The HeLa cells were maintained in complete media consisting of RPMI-1640 (Roswell Park Memorial Institute, Hyclone, USA) with 10% heat-inactivated fetal bovine serum and 1% 10,000 IU/mL Penicillin and streptomycin at 37°C, 5% CO2, and 100% humidity. The HeLa cells were collected into a centrifuge tube, treated with 0.25% trypsin-EDTA (Sigma, USA), and centrifuged at 1,000 rpm for 5 mins. Once the supernatant was removed, the cells were washed with 1mL 1x PBS solution, re-suspended and centrifuged. Finally, the final supernatant was removed, and the cells were re-suspended in 1mL 1x PBS.
The same procedure was used for the fixation of normal cervical cells and HeLa cells. The 1 mL final suspension was added into 4 mL 95% ethyl alcohol solution (Tieta Reagents, China) while vortexed at low speed, and fixed for 12 hours at 4°C. After fixation, the cell solution was centrifuged at 1,000 rpm for 5 mins, and the supernatant was removed. The cells were again washed, centrifuged, and re-suspended in 5 mL 1x PBS. At last, the final supernatant was removed and the cells were re-suspended in 1mL 1x PBS.
The fixed normal cervical cell or HeLa cell solution was transferred to a centrifuge tube, stored on ice. For single cell analysis, the concentration is around 3,000 cells/mL for both the normal cervical cell and HeLa cell solutions.

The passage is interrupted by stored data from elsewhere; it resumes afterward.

(* Let $p\geq 1$ and let $n_0<n_1<\cdots<n_p$ be positive integers with $n_i=n_0+id$ for a fixed positive integer $d$, such that $\gcd(n_0,\dots,n_p)=1$ and $\{n_0,\dots,n_p\}$ minimally generates the numerical semigroup $S_1=\langle n_0,\dots,n_p\rangle$. Let $s\in\mathrm{Ap}(S_1,n_p)$ and suppose $s=\sum_{i=0}^p\lambda_in_i=\sum_{i=0}^p\lambda_i'n_i$ with all $\lambda_i,\lambda_i'\in\mathbb{N}$. Then \[\sum_{i=0}^p\lambda_i(p-i)d=\sum_{i=0}^p\lambda_i'(p-i)d.\]
   Context: For a numerical semigroup $T$ and $0\neq a\in T$, the Apéry set is $\mathrm{Ap}(T,a)=\{s\in T: s-a\notin T\}$. *)

From mathcomp Require Import all_boot.
Set Implicit Arguments. Unset Strict Implicit. Unset Printing Implicit Defensive.

Definition in_sg (p : nat) (g : nat -> nat) (s : nat) : Prop :=
  exists lam : nat -> nat, s = \sum_(i < p.+1) lam i * g i.

(* Apery set Ap(S,a) = {s in S : s - a notin S} (s - a taken in Z;
   a negative integer is never in S). *)
Definition in_Apery (p : nat) (g : nat -> nat) (a s : nat) : Prop :=
  in_sg p g s /\ ~ (a <= s /\ in_sg p g (s - a)).

Definition minimally_generates (p : nat) (g : nat -> nat) : Prop :=
  forall j, j <= p ->
    ~ (exists lam : nat -> nat, lam j = 0 /\ g j = \sum_(i < p.+1) lam i * g i).

(** An element of the semigroup is [L n0 + A d] for a factorization of length
    [L = sum lam_i] and weight [A = sum lam_i i], and [sum lam_i (p - i) = p L - A],
    so it suffices that all factorizations of [s] share length and weight.  If two
    factorizations of [s] had lengths [L < L'], then [(L' - L) n0 = (A - A') d]
    with [gcd(n0, d) = 1] forces [A >= n0 > p] (minimality gives [n0 > p]); as
    [A <= p L], the element [s - n_p = (L - 1) n0 + (A - p) d] is again a combination
    of [L - 1] generators, contradicting [s \in Ap(S, n_p)].  Equal lengths then
    give equal weights since [d > 0]. *)

From mathcomp Require Import all_boot.
From mathcomp Require Import zify.

Set Implicit Arguments.
Unset Strict Implicit.
Unset Printing Implicit Defensive.

Definition factor_length (p : nat) (lam : nat -> nat) : nat :=
  \sum_(i < p.+1) lam i.

Definition factor_weight (p : nat) (lam : nat -> nat) : nat :=
  \sum_(i < p.+1) lam i * i.

Lemma sum_arith (p n0 d : nat) (lam : nat -> nat) :
  \sum_(i < p.+1) lam i * (n0 + i * d) =
  factor_length p lam * n0 + factor_weight p lam * d.
Proof.
rewrite !big_distrl -big_split /=; apply: eq_bigr => i _.
by rewrite mulnDr mulnA.
Qed.

Lemma factor_weight_add (p : nat) (lam : nat -> nat) :
  \sum_(i < p.+1) lam i * (p - i) + factor_weight p lam = p * factor_length p lam.
Proof.
rewrite -big_split big_distrr /=; apply: eq_bigr => i _.
by rewrite -mulnDr subnK 1?mulnC // -ltnS.
Qed.

Lemma sum_indicator (p j : nat) (f : nat -> nat) : j <= p ->
  \sum_(i < p.+1) (i == j :> nat) * f i = f j.
Proof.
move=> le_jp; rewrite (bigD1 (Ordinal (le_jp : j < p.+1))) //= eqxx mul1n.
rewrite big1 ?addn0 // => i ne_ij.
suff /negbTE -> : (i : nat) != j by [].
by apply: contra ne_ij => /eqP eq_ij; apply/eqP/val_inj.
Qed.

Lemma bounded_decomposition (p q M B : nat) : q <= p -> B <= q * M ->
  exists mu : nat -> nat, [/\ forall i, q < i -> mu i = 0,
    factor_length p mu = M & factor_weight p mu = B].
Proof.
move=> le_qp; elim: M B => [|M IH] B le_B.
  exists (fun=> 0); rewrite /factor_length /factor_weight !big1 //.
  by move: le_B; rewrite muln0 leqn0 => /eqP.
pose j := minn B q.
have le_jp : j <= p by rewrite /j; lia.
have [mu [mu_out len_mu weight_mu]] := IH (B - j) ltac:(rewrite /j; lia).
exists (fun i => mu i + (i == j)); split.
- by move=> i lt_qi; rewrite mu_out //; case: eqP => // eq_ij; move: lt_qi; lia.
- rewrite /factor_length big_split /= -/(factor_length p mu) len_mu -[M.+1]addn1.
  congr (_ + _).
  by rewrite -(sum_indicator (fun=> 1) le_jp); apply: eq_bigr => i _; rewrite muln1.
- rewrite /factor_weight; under eq_bigr do rewrite mulnDl.
  rewrite big_split /= -/(factor_weight p mu) weight_mu.
  by rewrite (sum_indicator (fun i => i) le_jp) /j; lia.
Qed.

Lemma arith_combination (p q n0 d L A : nat) : q <= p -> A <= q * L ->
  exists lam : nat -> nat, (forall i, q < i -> lam i = 0) /\
    L * n0 + A * d = \sum_(i < p.+1) lam i * (n0 + i * d).
Proof.
move=> le_qp le_A.
have [mu [mu_out len_mu weight_mu]] := bounded_decomposition le_qp le_A.
by exists mu; rewrite sum_arith len_mu weight_mu.
Qed.

Lemma arith_gcd_coprime (p n0 d : nat) :
  \big[gcdn/0]_(i < p.+1) (n0 + i * d) = 1 -> coprime n0 d.
Proof.
rewrite /coprime -dvdn1 => <-.
apply: (big_ind (fun x => gcdn n0 d %| x)) => [|x y dx dy|i _].
- exact: dvdn0.
- by rewrite dvdn_gcd dx dy.
- by rewrite dvdn_add ?dvdn_gcdl // dvdn_mull // dvdn_gcdr.
Qed.

(* If [n0 <= p] then [n_p = (d + 1) n0 + (p - n0) d] uses only generators below [n_p]. *)
Lemma minimal_arith_lt (p n0 d : nat) : 0 < p -> 0 < n0 ->
  minimally_generates p (fun i => n0 + i * d) -> p < n0.
Proof.
move=> p_gt0 n0_gt0 min_gen; rewrite ltnNge; apply/negP => le_n0p.
have le_weight : p - n0 <= p.-1 * d.+1 by nia.
have [lam [lam_out comb]] := arith_combination n0 d (leq_pred p) le_weight.
apply: (min_gen p (leqnn p)); exists lam; split; first by apply: lam_out; lia.
by rewrite -comb; nia.
Qed.

Lemma coprime_comb_leq (n0 d L A L' A' : nat) : 0 < d -> coprime n0 d ->
  L * n0 + A * d = L' * n0 + A' * d -> L < L' -> n0 <= A.
Proof.
move=> d_gt0 co_n0d eq_comb lt_LL'.
have eq_diff : (L' - L) * n0 = (A - A') * d by nia.
have d_dvd : d %| L' - L.
  by rewrite -(@Gauss_dvdl _ _ n0) 1?coprime_sym // eq_diff dvdn_mull.
have := dvdn_leq (ltac:(lia) : 0 < L' - L) d_dvd; nia.
Qed.

Lemma Apery_length_max (p n0 d s : nat) (lam lam' : nat -> nat) :
  0 < d -> coprime n0 d -> p < n0 ->
  in_Apery p (fun i => n0 + i * d) (n0 + p * d) s ->
  s = \sum_(i < p.+1) lam i * (n0 + i * d) ->
  s = \sum_(i < p.+1) lam' i * (n0 + i * d) ->
  factor_length p lam' <= factor_length p lam.
Proof.
move=> d_gt0 co_n0d lt_pn0 [_ not_shift] s_lam s_lam'.
rewrite leqNgt; apply/negP => lt_len.
rewrite sum_arith in s_lam; rewrite sum_arith in s_lam'.
set L := factor_length p lam in s_lam lt_len; set A := factor_weight p lam in s_lam.
have le_n0A : n0 <= A :=
  coprime_comb_leq d_gt0 co_n0d (etrans (esym s_lam) s_lam') lt_len.
have le_ApL : A <= p * L by rewrite -(factor_weight_add p lam) leq_addl.
have le_shift : A - p <= p * L.-1 by nia.
have [lam'' [_ comb]] := arith_combination n0 d (leqnn p) le_shift.
apply: not_shift; split; first by nia.
by exists lam''; rewrite -comb s_lam; nia.
Qed.

Theorem lemma4p4 (p n0 d : nat) (s : nat) (lam lam' : nat -> nat) :
  1 <= p -> 0 < n0 -> 0 < d ->
  \big[gcdn/0]_(i < p.+1) (n0 + i * d) = 1 ->
  minimally_generates p (fun i => n0 + i * d) ->
  in_Apery p (fun i => n0 + i * d) (n0 + p * d) s ->
  s = \sum_(i < p.+1) lam i * (n0 + i * d) ->
  s = \sum_(i < p.+1) lam' i * (n0 + i * d) ->
  \sum_(i < p.+1) lam i * (p - i) * d = \sum_(i < p.+1) lam' i * (p - i) * d.
Proof.
move=> p_gt0 n0_gt0 d_gt0 gcd1 min_gen s_Ap s_lam s_lam'.
have co_n0d := arith_gcd_coprime gcd1.
have lt_pn0 := minimal_arith_lt p_gt0 n0_gt0 min_gen.
have eq_len : factor_length p lam = factor_length p lam'.
  have len_max := Apery_length_max d_gt0 co_n0d lt_pn0 s_Ap.
  by apply/anti_leq; rewrite (len_max _ _ s_lam s_lam') (len_max _ _ s_lam' s_lam).
have eq_weight : factor_weight p lam = factor_weight p lam'.
  move: s_lam s_lam'; rewrite !sum_arith eq_len => -> /addnI /eqP.
  by rewrite eqn_pmul2r // => /eqP.
rewrite -!big_distrl /=; congr (_ * d); apply/(@addIn (factor_weight p lam)).
by rewrite {2}eq_weight !factor_weight_add eq_len.
Qed.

2.3 Validation of the pattern recognition cytometer
In order to validate the performance of the pattern recognition cytometry, we have performed experimental measurements on single yeast cells, which are bio-safe and accessible to many labs. Simulated 2D light scattering patterns from single yeast cells are obtained with our Mie theory algorithm . Figure 2 shows the comparison between the yeast cell experimental light scattering patterns and our Mie theory simulated results. As shown in Figs. 2(a) and 2(b) are the microscope images for different yeast cells with diameters around 3.8 and 5.0 µm, respectively. Figure 2(c) is the 2D light scattering patterns of the single yeast cell shown in Fig. 2(a), and Fig. 2(d) is the 2D pattern of Fig. 2(b). For Mie theory simulations, the yeast cells are assumed to be spherical with a refractive index of 1.42, surrounded by water with refractive index of 1.334. The incident laser beam is linearly polarized with a wavelength of 532 nm. The Mie theory simulated 2D light scattering patterns from yeast cell models with a diameter of 3.8 and 5.0 µm are shown in Figs. 2(e) and 2(f), respectively.
It is noticed that the simulated 2D light scattering patterns are with three and four fringes in the angular range from 79 to 101 degrees in polar angle. Experimentally we have also observed yeast cell light scattering patterns with three and four fringes as shown in Figs. 2(c) and 2(d). Previously we have reported that the fringe numbers in the 2D light scattering patterns vary linearly with the size variations of spherical scatterers , as similar as shown here in Fig. 2. The experimental patterns agree well with the Mie theory simulated 2D light scattering patterns, thus validates the performance of the pattern recognition cytometer.
3. Results and discussion
3.1 Pattern recognition cytometry for the differentiation of cell aggregates
Our recently developed 2D light scattering static cytometry makes the study of light scattering from cell aggregates practical . In the static cytometer the cells are not flowing but static on chip, and a scanning probe is used to illuminate the cells. Thus detailed light scattering study of better controlled cell samples can be obtained. In this manuscript, the yeast cells are manually controlled to form aggregates of three or four yeast cells. The diameters of these yeast cell aggregates are comparable to typical human cells.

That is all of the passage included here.